WORK REQUEST: For the string "apply", find every matching line in the records and copy it.

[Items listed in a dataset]

----------

Definition Dmax_STAB (R : realType) (d m : nat) (rho : 'M[R[i]]_(d ^ m)) : \bar R :=
  ereal_inf (fun y : \bar R => exists (s : R) (tau : 'M[R[i]]_(d ^ m)),
     0 <= s /\ is_state tau /\
     in_FSTAB R d m ((realC (1 + s))^-1 *: (rho + realC s *: tau)) /\
     y = (ln (1 + s) / ln 2)%:E).
Arguments Dmax_STAB : clear implicits.

(* entry k of a column vector (0 out of range) *)
Definition vget (R : realType) (N : nat) (v : 'cV[R[i]]_N) (k : nat) : R[i] :=
  if @insub _ (fun x => x < N)%N 'I_N k is Some o then v o 0 else 0.

(* psi^{⊗n} for psi on t qudits, a vector on t*n qudits: block l (qudits
   l*t, ..., l*t+t-1) is the l-th base-d^t digit of the index. *)
Definition tpow_vec (R : realType) (d t n : nat) (psi : 'cV[R[i]]_(d ^ t))
  : 'cV[R[i]]_(d ^ (t * n)) :=
  \col_x \prod_(l < n) vget psi ((x %/ (d ^ t) ^ l) %% d ^ t)%N.
Arguments tpow_vec : clear implicits.

From mathcomp Require Import all_boot all_order all_algebra all_reals all_analysis.
From mathcomp Require Import complex.
From mathcomp Require Import ring lra.
Import Order.TTheory GRing.Theory Num.Theory.
Set Implicit Arguments. Unset Strict Implicit. Unset Printing Implicit Defensive.
Local Open Scope ring_scope.
Local Open Scope complex_scope.

(* Write phi = C|0> with C Clifford, so that psi^{\otimes n} = W|0> with W = (V C)^{\otimes n}.
   For every diagonal Pauli Z_beta, C Z_beta C^* is a Pauli and V is in the third level, so
   W Z_beta W^* is Clifford.  Averaging sigma over conjugation by these Cliffords preserves
   F_STAB and dephases sigma in the orthonormal basis W|x>; for sigma in F_STAB the result is
   g |psi><psi| + (1 - g) tau with g = <psi|sigma|psi> and tau a state, which witnesses
   D_max(psi) <= -log g.  Hence D_max <= D_min; the converse holds for every pure state, since
   a feasible point of D_max is a stabilizer mixture whose overlap with psi is >= 1/(1+s). *)

Section Adjoint.
Variable R : realType.
Local Notation C := R[i].

Lemma adjmM m n p (A : 'M[C]_(m, n)) (B : 'M[C]_(n, p)) :
  adjm (A *m B) = adjm B *m adjm A.
Proof. by rewrite /adjm map_mxM trmx_mul. Qed.

Lemma adjmK m n (A : 'M[C]_(m, n)) : adjm (adjm A) = A.
Proof. by apply/matrixP => i j; rewrite !mxE conjCK. Qed.

Lemma adjmZ m n (a : C) (A : 'M[C]_(m, n)) : adjm (a *: A) = a^* *: adjm A.
Proof. by apply/matrixP => i j; rewrite !mxE rmorphM. Qed.

Lemma adjm_sum m n I (r : seq I) (P : pred I) (F : I -> 'M[C]_(m, n)) :
  adjm (\sum_(i <- r | P i) F i) = \sum_(i <- r | P i) adjm (F i).
Proof.
apply/matrixP => i j; rewrite !mxE !summxE rmorph_sum.
by apply: eq_bigr => k _; rewrite !mxE.
Qed.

----------

YOUR RESPONSE:
Proof. by apply/matrixP => i j; rewrite !mxE conjCK. Qed.
Proof. by apply/matrixP => i j; rewrite !mxE rmorphM. Qed.
apply/matrixP => i j; rewrite !mxE !summxE rmorph_sum.
by apply: eq_bigr => k _; rewrite !mxE.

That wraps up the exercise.